Records for the task:
Lemma left_lim_unique g p L1 L2 : left_lim g p L1 -> left_lim g p L2 -> L1 = L2.
Proof.
  intros H1 H2. destruct (Req_dec L1 L2) as [E | E]; [exact E | exfalso].
  set (e := Rabs (L1 - L2) / 2).
  assert (He : 0 < e) by (apply Rdiv_lt_0_compat; [apply Rabs_pos_lt; lra | lra]).
  destruct (H1 e He) as (d1 & Hd1 & K1). destruct (H2 e He) as (d2 & Hd2 & K2).
  set (s := p - Rmin d1 d2 / 2).
  pose proof (Rmin_l d1 d2). pose proof (Rmin_r d1 d2). pose proof (Rmin_pos d1 d2 Hd1 Hd2).
  assert (A1 : Rabs (g s - L1) < e) by (apply K1; unfold s; lra).
  assert (A2 : Rabs (g s - L2) < e) by (apply K2; unfold s; lra).
  assert (Rabs (L1 - L2) <= Rabs (g s - L1) + Rabs (g s - L2)).
  { replace (L1 - L2) with (- (g s - L1) + (g s - L2)) by ring.
    rewrite <- (Rabs_Ropp (g s - L1)). apply Rabs_triang. }
  unfold e in *. lra.
Qed.

Lemma left_lim_reflect g p L : right_lim g p L -> left_lim (fun s => g (- s)) (- p) L.
Proof.
  intros H eps He. destruct (H eps He) as (d & Hd & K).
  exists d. split; [exact Hd |]. intros s Hs. apply K. lra.
Qed.

Lemma right_lim_unique g p L1 L2 : right_lim g p L1 -> right_lim g p L2 -> L1 = L2.
Proof.
  intros H1 H2.
  exact (left_lim_unique _ _ _ _ (left_lim_reflect _ _ _ H1) (left_lim_reflect _ _ _ H2)).
Qed.

Lemma cont_on_loop_left_lim g p :
  0 < p < 2 * PI -> cont_on_loop_at g p -> left_lim g p (g p).
Proof.
  intros Hp H eps He. destruct (H eps He) as (d & Hd & K). exists (Rmin d p).
  split; [apply Rmin_pos; lra |]. intros s Hs.
  pose proof (Rmin_l d p). pose proof (Rmin_r d p).
  apply K; [lra | rewrite Rabs_left; lra].
Qed.

Lemma cont_on_loop_right_lim g p :
  0 < p < 2 * PI -> cont_on_loop_at g p -> right_lim g p (g p).
Proof.
  intros Hp H eps He. destruct (H eps He) as (d & Hd & K). exists (Rmin d (2 * PI - p)).
  split; [apply Rmin_pos; lra |]. intros s Hs.
  pose proof (Rmin_l d (2 * PI - p)). pose proof (Rmin_r d (2 * PI - p)).
  apply K; [lra | rewrite Rabs_right; lra].
Qed.

Lemma sum_jumps_single_point (js : list (R * R * R)) p delta :
  NoDup (map (fun x => fst (fst x)) js) ->
  (forall q Lm Lp, In (q, Lm, Lp) js -> Lp - Lm = if Req_EM_T q p then delta else 0) ->
  fold_right Rplus 0 (map (fun x => snd x - snd (fst x)) js)
  = if in_dec Req_EM_T p (map (fun x => fst (fst x)) js) then delta else 0.
Proof.
  induction js as [| [[q Lm] Lp] js IH]; intros Hnd Hjump; cbn [map fold_right fst snd].
  - destruct (in_dec Req_EM_T p nil) as [[] | _]. reflexivity.
  - apply NoDup_cons_iff in Hnd as [Hq Hnd].
    rewrite IH, (Hjump q Lm Lp (or_introl eq_refl))
      by (assumption || (intros; apply Hjump; right; assumption)).
    destruct (in_dec Req_EM_T p (q :: _)) as [Hin | Hnin];
      destruct (in_dec Req_EM_T p (map _ js)); destruct (Req_EM_T q p);
      cbn [In] in *; try ring; exfalso; subst; tauto.
Qed.

Section SingleJump.

Variables (g G : R -> R) (p Lm Lp : R).
Hypothesis Hp : 0 < p < 2 * PI.
Hypothesis HgG : forall s, 0 <= s <= 2 * PI -> s <> p -> g s = G s.
Hypothesis HG : forall s, 0 <= s <= 2 * PI -> s <> p -> continuity_pt G s.
Hypothesis HGleft : left_lim G p Lm.
Hypothesis HGright : right_lim G p Lp.

Lemma single_jump_left_lim : left_lim g p Lm.
Proof.
  intros eps He. destruct (HGleft eps He) as (d & Hd & K). exists (Rmin d p).
  split; [apply Rmin_pos; lra |]. intros s Hs.
  pose proof (Rmin_l d p). pose proof (Rmin_r d p).
  rewrite HgG by lra. apply K. lra.
Qed.

Lemma single_jump_right_lim : right_lim g p Lp.
Proof.
  intros eps He. destruct (HGright eps He) as (d & Hd & K). exists (Rmin d (2 * PI - p)).
  split; [apply Rmin_pos; lra |]. intros s Hs.
  pose proof (Rmin_l d (2 * PI - p)). pose proof (Rmin_r d (2 * PI - p)).
  rewrite HgG by lra. apply K. lra.
Qed.

Lemma single_jump_cont s : 0 <= s <= 2 * PI -> s <> p -> cont_on_loop_at g s.
Proof.
  intros Hs Hsp eps He.
  destruct (continuity_pt_eps _ _ (HG s Hs Hsp) eps He) as (d & Hd & K).
  exists (Rmin d (Rabs (s - p))). split; [apply Rmin_pos; [exact Hd | apply Rabs_pos_lt; lra] |].
  intros s' Hs' Hd'. pose proof (Rmin_l d (Rabs (s - p))). pose proof (Rmin_r d (Rabs (s - p))).
  assert (s' <> p) by (intros ->; rewrite Rabs_minus_sym in Hd'; lra).
  rewrite !HgG by assumption. apply K. lra.
Qed.

Lemma var_Gamma_single_jump v : var_Gamma g v <-> v = Lm - Lp.
Proof.
  split.
  - intros (js & Hnd & Hjumps & Hcont & ->).
    assert (Hjump : forall q L1 L2, In (q, L1, L2) js ->
                      L2 - L1 = if Req_EM_T q p then Lp - Lm else 0).
    { intros q L1 L2 Hin. destruct (Hjumps q L1 L2 Hin) as (Hq & HL1 & HL2).
      destruct (Req_EM_T q p) as [Eqp | Hqp].
      - subst q. rewrite (left_lim_unique _ _ _ _ HL1 single_jump_left_lim),
          (right_lim_unique _ _ _ _ HL2 single_jump_right_lim). reflexivity.
      - pose proof (single_jump_cont q ltac:(lra) Hqp) as Hc.
        rewrite (left_lim_unique _ _ _ _ HL1 (cont_on_loop_left_lim g q Hq Hc)),
          (right_lim_unique _ _ _ _ HL2 (cont_on_loop_right_lim g q Hq Hc)). ring. }
    rewrite (sum_jumps_single_point js p (Lp - Lm) Hnd Hjump).
    destruct (in_dec Req_EM_T p _) as [_ | Hnotin]; [ring |].
    assert (Hc : cont_on_loop_at g p) by (apply Hcont; [lra | exact Hnotin]).
    rewrite (left_lim_unique _ _ _ _ single_jump_left_lim (cont_on_loop_left_lim g p Hp Hc)),
      (right_lim_unique _ _ _ _ single_jump_right_lim (cont_on_loop_right_lim g p Hp Hc)).
    ring.
  - intros ->. exists ((p, Lm, Lp) :: nil). cbn. split; [|split; [|split]].
    + constructor; [intros [] | constructor].
    + intros q L1 L2 [E | []]. injection E as <- <- <-.
      split; [exact Hp | split; [exact single_jump_left_lim | exact single_jump_right_lim]].
    + intros s Hs Hn. apply single_jump_cont; [exact Hs | intros ->; apply Hn; left; reflexivity].
    + ring.
Qed.

End SingleJump.

Theorem mainTheorem13 :
  forall r : R, 0 < r ->
  exists l0 : R, 0 < l0 /\
    forall l : R, 0 < l < l0 ->
      var_Gamma (PhiRel_on_Gamma r l) (2 * PI) /\
      (forall k : Z, var_Gamma (PhiRel_on_Gamma r l) (- (2 * PI * IZR k)) ->
         k = (-1)%Z).
Proof.
  intros r Hr. exists r. split; [exact Hr |]. intros l Hl.
  set (c0 := sqrt (r ^ 2 - l ^ 2) / (r + l)).
  assert (Hc0 : 0 < c0) by (apply Rdiv_lt_0_compat; [apply sqrt_lt_R0; nra | lra]).
  pose proof PI_RGT_0.
  assert (Hvar : forall v, var_Gamma (PhiRel_on_Gamma r l) v <-> v = PI - - PI).
  { intros v. apply (var_Gamma_single_jump _ (Gamma_profile c0) PI PI (- PI)).
    - lra.
    - intros s Hs Hsp. exact (PhiRel_on_Gamma_eq r l s Hl (one_plus_cos_pos s Hs Hsp)).
    - intros s Hs Hsp. exact (Gamma_profile_continuous c0 s (one_plus_cos_pos s Hs Hsp)).
    - exact (Gamma_profile_left_lim c0 Hc0).
    - exact (Gamma_profile_right_lim c0 Hc0). }
  split.
  - apply Hvar. ring.
  - intros k Hk. apply Hvar in Hk. apply eq_IZR.
    apply (Rmult_eq_reg_r (2 * PI)); lra.
Qed.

Exercise objective: Please transcribe only the lines in the records above running from the line that has "Lemma single_jump_left_lim : left_lim g p Lm." through the line that has "intros Hs Hsp eps He.", both included, exactly as they appear.

Exercise solution:
Lemma single_jump_left_lim : left_lim g p Lm.
Proof.
  intros eps He. destruct (HGleft eps He) as (d & Hd & K). exists (Rmin d p).
  split; [apply Rmin_pos; lra |]. intros s Hs.
  pose proof (Rmin_l d p). pose proof (Rmin_r d p).
  rewrite HgG by lra. apply K. lra.
Qed.

Lemma single_jump_right_lim : right_lim g p Lp.
Proof.
  intros eps He. destruct (HGright eps He) as (d & Hd & K). exists (Rmin d (2 * PI - p)).
  split; [apply Rmin_pos; lra |]. intros s Hs.
  pose proof (Rmin_l d (2 * PI - p)). pose proof (Rmin_r d (2 * PI - p)).
  rewrite HgG by lra. apply K. lra.
Qed.

Lemma single_jump_cont s : 0 <= s <= 2 * PI -> s <> p -> cont_on_loop_at g s.
Proof.
  intros Hs Hsp eps He.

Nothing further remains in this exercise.